Record set: Begin

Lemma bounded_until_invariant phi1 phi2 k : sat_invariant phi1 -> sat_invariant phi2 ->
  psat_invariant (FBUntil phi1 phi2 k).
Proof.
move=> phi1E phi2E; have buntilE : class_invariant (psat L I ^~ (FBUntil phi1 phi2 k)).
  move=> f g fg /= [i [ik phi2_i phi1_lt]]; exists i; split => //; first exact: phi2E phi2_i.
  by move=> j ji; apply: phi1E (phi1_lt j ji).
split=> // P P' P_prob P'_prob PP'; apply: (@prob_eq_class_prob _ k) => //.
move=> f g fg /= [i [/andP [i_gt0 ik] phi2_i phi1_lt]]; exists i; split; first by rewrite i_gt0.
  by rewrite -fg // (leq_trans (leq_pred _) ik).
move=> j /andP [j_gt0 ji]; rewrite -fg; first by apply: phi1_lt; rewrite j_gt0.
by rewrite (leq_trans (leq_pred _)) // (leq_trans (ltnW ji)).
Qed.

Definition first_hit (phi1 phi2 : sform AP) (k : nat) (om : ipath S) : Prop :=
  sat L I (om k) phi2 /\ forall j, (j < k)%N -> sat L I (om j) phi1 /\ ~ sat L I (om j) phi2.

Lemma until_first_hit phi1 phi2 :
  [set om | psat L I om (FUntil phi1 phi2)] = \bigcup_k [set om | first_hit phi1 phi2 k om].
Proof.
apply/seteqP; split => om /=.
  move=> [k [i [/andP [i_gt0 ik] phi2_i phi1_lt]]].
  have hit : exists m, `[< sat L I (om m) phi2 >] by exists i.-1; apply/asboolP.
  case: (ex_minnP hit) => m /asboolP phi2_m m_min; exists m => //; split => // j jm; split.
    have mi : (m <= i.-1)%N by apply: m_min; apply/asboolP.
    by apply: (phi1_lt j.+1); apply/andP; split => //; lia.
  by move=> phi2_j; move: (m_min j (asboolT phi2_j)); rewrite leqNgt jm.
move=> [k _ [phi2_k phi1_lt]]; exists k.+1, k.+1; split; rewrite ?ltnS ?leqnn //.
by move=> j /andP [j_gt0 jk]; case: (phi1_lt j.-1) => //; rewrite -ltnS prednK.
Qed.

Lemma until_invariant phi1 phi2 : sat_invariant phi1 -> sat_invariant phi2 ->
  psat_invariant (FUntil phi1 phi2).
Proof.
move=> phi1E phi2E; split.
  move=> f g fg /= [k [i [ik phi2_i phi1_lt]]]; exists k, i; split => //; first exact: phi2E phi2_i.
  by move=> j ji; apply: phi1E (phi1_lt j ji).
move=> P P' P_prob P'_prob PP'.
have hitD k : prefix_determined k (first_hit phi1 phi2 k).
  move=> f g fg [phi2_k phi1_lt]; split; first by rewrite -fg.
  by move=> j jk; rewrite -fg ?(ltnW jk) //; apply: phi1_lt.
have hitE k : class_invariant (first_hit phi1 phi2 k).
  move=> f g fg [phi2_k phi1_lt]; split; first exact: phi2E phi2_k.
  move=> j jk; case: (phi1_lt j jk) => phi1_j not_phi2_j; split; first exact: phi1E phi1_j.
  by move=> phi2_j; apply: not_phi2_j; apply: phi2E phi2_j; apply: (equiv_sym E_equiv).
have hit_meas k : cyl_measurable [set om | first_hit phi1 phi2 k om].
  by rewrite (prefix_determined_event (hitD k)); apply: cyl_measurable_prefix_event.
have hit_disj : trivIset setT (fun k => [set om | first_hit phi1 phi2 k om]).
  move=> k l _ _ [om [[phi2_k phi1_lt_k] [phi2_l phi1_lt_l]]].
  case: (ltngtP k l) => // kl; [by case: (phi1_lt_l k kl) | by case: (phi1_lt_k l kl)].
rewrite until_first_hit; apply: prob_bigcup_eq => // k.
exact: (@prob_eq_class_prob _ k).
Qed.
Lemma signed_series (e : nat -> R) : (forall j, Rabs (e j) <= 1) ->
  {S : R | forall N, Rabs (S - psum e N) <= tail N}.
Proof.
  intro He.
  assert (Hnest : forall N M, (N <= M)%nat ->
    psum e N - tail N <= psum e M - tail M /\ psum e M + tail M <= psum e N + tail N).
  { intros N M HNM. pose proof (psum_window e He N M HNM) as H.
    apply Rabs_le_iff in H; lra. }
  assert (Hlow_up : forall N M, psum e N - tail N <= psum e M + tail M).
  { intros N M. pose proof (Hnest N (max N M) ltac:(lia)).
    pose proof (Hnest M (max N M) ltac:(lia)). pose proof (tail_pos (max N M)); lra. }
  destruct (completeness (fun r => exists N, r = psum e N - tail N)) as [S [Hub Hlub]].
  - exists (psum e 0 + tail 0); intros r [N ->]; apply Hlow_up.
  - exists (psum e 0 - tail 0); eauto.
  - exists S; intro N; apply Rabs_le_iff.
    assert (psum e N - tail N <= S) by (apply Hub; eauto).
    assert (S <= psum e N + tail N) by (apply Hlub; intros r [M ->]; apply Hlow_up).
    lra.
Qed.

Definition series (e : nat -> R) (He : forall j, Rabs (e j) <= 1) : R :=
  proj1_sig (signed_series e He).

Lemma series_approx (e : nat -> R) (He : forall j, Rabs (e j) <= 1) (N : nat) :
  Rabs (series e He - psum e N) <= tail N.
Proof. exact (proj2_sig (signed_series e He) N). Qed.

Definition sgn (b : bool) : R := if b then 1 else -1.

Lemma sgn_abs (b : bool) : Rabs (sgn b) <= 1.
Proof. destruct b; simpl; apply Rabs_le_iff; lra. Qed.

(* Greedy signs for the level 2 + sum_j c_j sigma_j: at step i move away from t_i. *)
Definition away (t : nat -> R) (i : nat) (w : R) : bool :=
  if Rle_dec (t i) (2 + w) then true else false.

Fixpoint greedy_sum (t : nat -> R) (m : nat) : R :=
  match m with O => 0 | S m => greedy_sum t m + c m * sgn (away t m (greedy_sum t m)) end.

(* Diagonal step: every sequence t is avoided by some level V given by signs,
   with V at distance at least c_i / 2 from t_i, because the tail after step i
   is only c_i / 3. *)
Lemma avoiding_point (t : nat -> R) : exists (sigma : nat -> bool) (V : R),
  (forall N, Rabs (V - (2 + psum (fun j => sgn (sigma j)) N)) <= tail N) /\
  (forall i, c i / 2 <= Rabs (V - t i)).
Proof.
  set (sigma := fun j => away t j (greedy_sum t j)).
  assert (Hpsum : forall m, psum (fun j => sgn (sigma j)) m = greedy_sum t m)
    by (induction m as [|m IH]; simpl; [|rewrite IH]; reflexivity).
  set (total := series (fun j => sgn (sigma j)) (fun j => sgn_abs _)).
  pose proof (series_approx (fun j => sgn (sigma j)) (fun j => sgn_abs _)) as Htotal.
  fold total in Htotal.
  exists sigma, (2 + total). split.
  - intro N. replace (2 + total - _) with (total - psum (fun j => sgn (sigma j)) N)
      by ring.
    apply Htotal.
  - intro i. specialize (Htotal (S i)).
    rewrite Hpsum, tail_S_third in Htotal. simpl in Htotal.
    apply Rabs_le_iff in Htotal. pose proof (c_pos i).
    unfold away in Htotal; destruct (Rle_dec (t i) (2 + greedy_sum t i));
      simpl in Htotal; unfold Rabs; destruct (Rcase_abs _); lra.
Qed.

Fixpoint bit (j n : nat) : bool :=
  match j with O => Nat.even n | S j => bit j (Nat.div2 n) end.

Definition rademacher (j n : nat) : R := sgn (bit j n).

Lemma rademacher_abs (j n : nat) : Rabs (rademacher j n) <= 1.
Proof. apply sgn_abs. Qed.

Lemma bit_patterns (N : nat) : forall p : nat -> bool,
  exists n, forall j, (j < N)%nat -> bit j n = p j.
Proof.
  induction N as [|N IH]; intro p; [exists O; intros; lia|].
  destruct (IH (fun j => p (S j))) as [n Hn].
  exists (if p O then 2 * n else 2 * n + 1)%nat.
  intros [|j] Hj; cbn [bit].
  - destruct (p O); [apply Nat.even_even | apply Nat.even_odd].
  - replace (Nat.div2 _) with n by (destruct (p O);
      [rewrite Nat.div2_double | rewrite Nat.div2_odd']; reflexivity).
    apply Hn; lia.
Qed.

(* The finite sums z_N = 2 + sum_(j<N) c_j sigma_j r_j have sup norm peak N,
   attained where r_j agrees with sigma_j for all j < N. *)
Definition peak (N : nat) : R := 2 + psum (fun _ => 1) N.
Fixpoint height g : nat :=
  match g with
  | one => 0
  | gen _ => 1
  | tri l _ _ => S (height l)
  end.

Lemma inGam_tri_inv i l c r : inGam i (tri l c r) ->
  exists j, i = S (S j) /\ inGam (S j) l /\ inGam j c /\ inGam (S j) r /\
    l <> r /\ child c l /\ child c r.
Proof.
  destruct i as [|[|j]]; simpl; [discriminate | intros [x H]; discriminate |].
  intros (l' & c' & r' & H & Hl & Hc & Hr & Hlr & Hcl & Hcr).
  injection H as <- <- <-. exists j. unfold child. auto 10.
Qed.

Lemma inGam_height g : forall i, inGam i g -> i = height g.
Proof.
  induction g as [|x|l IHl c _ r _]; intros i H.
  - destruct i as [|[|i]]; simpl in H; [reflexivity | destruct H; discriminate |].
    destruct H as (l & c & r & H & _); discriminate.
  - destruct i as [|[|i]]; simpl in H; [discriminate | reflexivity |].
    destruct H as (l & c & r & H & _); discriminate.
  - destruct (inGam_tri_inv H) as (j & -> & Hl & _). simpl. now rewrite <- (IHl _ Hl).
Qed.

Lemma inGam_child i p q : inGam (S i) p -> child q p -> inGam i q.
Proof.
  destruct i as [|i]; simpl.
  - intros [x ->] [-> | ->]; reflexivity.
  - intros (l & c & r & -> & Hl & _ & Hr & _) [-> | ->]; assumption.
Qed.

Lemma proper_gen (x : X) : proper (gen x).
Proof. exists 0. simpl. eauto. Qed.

Record set: End
Record set: Begin

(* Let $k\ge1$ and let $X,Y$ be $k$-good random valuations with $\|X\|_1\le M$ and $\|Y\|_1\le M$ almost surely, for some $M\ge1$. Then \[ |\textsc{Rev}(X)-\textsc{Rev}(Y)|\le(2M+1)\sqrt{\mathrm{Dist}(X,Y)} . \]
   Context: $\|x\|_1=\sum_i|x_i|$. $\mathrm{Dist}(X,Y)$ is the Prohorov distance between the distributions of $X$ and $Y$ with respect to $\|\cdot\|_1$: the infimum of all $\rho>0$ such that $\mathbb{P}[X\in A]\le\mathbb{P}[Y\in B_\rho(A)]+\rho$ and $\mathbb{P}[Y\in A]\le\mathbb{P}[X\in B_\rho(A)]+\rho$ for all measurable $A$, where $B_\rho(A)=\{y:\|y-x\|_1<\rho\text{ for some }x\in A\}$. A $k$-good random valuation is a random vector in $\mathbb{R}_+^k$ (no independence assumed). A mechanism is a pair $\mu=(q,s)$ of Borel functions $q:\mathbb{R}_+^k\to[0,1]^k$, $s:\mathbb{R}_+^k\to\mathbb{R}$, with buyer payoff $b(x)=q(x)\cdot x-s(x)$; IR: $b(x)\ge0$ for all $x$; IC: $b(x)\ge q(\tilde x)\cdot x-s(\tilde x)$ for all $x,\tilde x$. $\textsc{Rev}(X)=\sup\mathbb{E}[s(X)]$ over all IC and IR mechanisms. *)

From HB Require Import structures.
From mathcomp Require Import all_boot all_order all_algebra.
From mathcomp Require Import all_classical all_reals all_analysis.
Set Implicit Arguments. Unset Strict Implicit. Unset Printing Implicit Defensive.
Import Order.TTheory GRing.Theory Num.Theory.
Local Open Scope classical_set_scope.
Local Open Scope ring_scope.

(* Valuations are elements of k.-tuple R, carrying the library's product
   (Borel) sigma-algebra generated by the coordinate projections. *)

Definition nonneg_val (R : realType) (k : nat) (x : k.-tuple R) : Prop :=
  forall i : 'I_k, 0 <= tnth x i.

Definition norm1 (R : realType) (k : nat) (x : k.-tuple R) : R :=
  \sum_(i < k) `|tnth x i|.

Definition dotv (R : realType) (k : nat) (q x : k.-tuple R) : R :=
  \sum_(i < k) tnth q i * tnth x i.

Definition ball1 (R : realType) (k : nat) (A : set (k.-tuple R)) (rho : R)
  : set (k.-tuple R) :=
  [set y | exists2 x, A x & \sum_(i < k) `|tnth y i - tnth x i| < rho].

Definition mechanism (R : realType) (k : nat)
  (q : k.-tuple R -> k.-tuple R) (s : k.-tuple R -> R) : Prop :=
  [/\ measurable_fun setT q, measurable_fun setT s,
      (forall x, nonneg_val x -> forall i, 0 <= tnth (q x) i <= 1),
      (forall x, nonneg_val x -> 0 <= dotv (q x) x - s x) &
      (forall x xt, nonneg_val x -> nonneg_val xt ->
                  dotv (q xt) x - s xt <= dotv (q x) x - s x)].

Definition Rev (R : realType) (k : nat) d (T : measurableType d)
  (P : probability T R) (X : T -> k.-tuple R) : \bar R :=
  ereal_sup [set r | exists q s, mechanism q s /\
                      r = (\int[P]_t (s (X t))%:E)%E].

Record set: End
Record set: Begin

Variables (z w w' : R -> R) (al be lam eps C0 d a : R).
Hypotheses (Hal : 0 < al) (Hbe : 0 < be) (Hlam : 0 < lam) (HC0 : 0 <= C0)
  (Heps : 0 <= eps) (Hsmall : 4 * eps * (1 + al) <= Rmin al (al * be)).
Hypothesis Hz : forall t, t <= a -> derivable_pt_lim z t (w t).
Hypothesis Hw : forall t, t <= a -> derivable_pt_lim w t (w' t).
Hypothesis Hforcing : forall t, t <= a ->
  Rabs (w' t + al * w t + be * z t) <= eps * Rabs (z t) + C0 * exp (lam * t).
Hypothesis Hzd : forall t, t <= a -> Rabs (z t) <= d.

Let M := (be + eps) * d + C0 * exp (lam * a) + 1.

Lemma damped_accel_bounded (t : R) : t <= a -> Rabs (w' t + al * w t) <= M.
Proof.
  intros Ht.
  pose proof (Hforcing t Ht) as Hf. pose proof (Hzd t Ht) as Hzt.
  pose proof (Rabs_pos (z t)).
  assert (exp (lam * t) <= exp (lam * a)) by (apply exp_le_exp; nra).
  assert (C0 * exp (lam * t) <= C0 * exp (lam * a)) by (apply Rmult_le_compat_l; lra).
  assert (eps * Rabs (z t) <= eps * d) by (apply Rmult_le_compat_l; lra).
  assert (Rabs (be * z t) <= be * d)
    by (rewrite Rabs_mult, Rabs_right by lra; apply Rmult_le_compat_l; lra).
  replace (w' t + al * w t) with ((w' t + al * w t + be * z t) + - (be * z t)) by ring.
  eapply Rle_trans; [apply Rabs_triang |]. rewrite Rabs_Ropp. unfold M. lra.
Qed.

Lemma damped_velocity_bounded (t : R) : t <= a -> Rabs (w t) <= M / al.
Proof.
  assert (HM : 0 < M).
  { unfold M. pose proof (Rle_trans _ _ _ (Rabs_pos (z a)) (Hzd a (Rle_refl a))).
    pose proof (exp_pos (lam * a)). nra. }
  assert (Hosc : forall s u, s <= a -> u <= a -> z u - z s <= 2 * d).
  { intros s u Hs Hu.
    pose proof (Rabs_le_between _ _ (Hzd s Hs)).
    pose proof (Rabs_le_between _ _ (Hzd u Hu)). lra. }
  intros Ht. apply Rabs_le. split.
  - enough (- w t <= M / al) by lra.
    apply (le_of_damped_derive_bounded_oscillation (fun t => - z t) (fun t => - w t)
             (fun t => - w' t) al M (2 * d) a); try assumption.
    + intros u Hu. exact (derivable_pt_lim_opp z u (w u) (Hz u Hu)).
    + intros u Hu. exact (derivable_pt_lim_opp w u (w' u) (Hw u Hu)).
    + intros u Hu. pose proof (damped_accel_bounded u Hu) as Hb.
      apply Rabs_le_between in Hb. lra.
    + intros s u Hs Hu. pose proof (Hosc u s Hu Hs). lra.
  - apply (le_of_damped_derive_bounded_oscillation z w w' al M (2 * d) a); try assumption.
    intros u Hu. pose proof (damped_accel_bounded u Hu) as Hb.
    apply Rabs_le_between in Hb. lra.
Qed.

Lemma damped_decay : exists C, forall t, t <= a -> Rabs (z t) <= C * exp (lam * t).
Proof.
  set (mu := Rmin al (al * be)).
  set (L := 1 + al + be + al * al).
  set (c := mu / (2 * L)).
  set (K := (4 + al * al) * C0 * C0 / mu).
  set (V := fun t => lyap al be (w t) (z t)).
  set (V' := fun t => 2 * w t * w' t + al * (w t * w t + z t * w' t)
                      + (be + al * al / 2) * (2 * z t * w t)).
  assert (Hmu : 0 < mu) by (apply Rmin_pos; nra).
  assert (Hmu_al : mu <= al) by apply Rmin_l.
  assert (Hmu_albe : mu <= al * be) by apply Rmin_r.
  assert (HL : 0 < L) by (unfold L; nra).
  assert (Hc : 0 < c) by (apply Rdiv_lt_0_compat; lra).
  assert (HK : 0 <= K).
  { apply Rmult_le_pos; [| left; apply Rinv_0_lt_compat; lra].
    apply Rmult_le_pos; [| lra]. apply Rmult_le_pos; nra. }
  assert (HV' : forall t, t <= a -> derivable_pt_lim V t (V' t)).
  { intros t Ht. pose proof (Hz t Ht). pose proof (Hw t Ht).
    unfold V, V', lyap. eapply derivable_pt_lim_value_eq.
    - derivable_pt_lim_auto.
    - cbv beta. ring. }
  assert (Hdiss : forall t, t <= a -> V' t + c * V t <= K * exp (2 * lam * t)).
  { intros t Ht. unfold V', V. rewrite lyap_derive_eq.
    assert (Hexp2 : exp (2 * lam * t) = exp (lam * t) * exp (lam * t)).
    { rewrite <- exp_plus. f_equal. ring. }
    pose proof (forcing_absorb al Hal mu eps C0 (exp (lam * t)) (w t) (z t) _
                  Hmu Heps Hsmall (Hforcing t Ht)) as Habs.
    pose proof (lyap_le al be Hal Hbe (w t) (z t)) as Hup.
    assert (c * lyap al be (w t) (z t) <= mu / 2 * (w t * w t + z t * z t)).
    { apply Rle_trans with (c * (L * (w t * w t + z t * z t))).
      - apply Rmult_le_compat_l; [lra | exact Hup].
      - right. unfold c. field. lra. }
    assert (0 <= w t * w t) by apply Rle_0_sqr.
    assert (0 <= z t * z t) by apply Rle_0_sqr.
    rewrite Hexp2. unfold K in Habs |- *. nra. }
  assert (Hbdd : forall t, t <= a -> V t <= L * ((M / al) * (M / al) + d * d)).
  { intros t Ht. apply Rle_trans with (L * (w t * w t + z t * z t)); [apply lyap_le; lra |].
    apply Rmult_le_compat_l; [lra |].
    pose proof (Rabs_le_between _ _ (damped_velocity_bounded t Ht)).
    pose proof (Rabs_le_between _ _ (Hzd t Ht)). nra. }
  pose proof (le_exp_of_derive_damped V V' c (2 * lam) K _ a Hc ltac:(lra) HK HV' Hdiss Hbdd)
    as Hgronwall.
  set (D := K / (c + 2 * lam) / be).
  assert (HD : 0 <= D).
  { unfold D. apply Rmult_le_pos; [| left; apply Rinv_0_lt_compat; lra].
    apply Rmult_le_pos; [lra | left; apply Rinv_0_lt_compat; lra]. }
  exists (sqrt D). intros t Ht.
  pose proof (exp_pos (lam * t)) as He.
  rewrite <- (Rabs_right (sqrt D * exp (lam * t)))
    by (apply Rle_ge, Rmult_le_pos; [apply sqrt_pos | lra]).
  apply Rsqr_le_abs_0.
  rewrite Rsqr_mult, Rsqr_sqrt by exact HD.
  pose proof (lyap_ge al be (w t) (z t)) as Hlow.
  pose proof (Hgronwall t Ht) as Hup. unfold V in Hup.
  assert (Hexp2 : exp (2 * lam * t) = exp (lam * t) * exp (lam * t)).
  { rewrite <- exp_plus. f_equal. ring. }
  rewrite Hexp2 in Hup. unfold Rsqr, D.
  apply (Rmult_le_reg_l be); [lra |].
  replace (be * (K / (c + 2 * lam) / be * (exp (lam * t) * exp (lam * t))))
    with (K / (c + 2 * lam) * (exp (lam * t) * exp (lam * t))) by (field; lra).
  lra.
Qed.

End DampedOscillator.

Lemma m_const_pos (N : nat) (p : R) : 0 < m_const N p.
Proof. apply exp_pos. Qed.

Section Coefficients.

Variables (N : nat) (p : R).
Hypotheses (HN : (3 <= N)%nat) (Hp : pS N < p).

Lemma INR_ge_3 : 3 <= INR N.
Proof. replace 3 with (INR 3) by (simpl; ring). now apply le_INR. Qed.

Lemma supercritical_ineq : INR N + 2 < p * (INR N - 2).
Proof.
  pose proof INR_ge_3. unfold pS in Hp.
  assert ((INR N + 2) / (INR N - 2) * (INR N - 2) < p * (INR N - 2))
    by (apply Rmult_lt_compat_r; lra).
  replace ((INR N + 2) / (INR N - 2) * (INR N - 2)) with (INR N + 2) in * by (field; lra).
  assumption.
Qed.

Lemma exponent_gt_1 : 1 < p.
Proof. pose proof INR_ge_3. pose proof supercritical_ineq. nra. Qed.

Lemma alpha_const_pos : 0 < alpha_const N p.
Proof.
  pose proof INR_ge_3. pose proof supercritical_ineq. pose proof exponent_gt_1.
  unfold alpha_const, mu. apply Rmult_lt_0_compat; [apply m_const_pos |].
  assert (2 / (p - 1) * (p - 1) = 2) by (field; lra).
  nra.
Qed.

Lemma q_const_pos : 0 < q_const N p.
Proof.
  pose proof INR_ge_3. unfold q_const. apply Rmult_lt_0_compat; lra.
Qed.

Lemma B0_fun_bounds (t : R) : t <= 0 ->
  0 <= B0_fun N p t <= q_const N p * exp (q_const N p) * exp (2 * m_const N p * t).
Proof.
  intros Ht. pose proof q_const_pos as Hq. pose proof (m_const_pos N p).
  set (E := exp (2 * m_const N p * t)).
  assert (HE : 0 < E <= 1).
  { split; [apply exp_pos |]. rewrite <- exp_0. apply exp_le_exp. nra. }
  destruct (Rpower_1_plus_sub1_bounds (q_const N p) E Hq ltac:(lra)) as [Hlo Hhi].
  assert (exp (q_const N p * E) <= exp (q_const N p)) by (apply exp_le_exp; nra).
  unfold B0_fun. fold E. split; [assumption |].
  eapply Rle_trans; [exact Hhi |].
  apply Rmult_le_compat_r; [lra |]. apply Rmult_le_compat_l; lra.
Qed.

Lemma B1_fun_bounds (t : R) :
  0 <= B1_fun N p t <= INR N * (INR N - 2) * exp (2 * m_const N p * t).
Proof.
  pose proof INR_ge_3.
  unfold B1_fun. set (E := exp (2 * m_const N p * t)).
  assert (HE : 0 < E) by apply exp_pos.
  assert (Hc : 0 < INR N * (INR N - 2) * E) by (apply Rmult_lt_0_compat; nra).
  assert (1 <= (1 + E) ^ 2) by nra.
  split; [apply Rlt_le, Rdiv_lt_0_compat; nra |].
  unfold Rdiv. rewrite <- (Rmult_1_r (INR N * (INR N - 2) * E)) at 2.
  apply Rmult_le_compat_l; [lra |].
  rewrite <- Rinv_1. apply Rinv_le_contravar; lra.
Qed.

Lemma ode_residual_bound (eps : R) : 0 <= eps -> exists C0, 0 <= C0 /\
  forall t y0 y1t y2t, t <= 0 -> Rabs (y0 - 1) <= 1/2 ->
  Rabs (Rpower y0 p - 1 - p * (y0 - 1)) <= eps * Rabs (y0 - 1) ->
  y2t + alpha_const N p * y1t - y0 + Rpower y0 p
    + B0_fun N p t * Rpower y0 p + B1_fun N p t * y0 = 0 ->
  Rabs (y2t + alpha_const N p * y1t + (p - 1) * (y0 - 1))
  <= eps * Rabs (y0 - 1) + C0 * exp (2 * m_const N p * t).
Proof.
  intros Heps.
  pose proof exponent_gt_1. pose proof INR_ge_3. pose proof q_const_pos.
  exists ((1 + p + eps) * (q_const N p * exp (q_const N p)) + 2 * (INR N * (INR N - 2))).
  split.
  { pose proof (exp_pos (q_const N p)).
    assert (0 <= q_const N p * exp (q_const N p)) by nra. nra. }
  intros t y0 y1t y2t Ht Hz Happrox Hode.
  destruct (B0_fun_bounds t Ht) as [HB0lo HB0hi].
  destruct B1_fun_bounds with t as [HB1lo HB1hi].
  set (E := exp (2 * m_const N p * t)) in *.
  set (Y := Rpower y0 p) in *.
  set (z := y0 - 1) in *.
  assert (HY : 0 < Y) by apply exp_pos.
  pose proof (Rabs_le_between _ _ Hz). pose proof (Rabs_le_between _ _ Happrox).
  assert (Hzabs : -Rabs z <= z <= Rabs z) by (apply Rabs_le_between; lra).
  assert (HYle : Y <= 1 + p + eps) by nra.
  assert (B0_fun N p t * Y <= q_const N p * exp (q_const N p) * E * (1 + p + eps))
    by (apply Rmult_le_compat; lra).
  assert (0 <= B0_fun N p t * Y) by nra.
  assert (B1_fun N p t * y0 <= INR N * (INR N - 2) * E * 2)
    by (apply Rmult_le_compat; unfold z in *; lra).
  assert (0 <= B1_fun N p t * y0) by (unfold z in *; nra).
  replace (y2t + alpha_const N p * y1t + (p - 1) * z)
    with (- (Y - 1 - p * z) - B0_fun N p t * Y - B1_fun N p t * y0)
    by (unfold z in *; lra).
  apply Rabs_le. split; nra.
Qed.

Record set: End

Select and copy every line of the listing with the word "child".

◆ Answer to this task:
    l <> r /\ child c l /\ child c r.
  injection H as <- <- <-. exists j. unfold child. auto 10.
Lemma inGam_child i p q : inGam (S i) p -> child q p -> inGam i q.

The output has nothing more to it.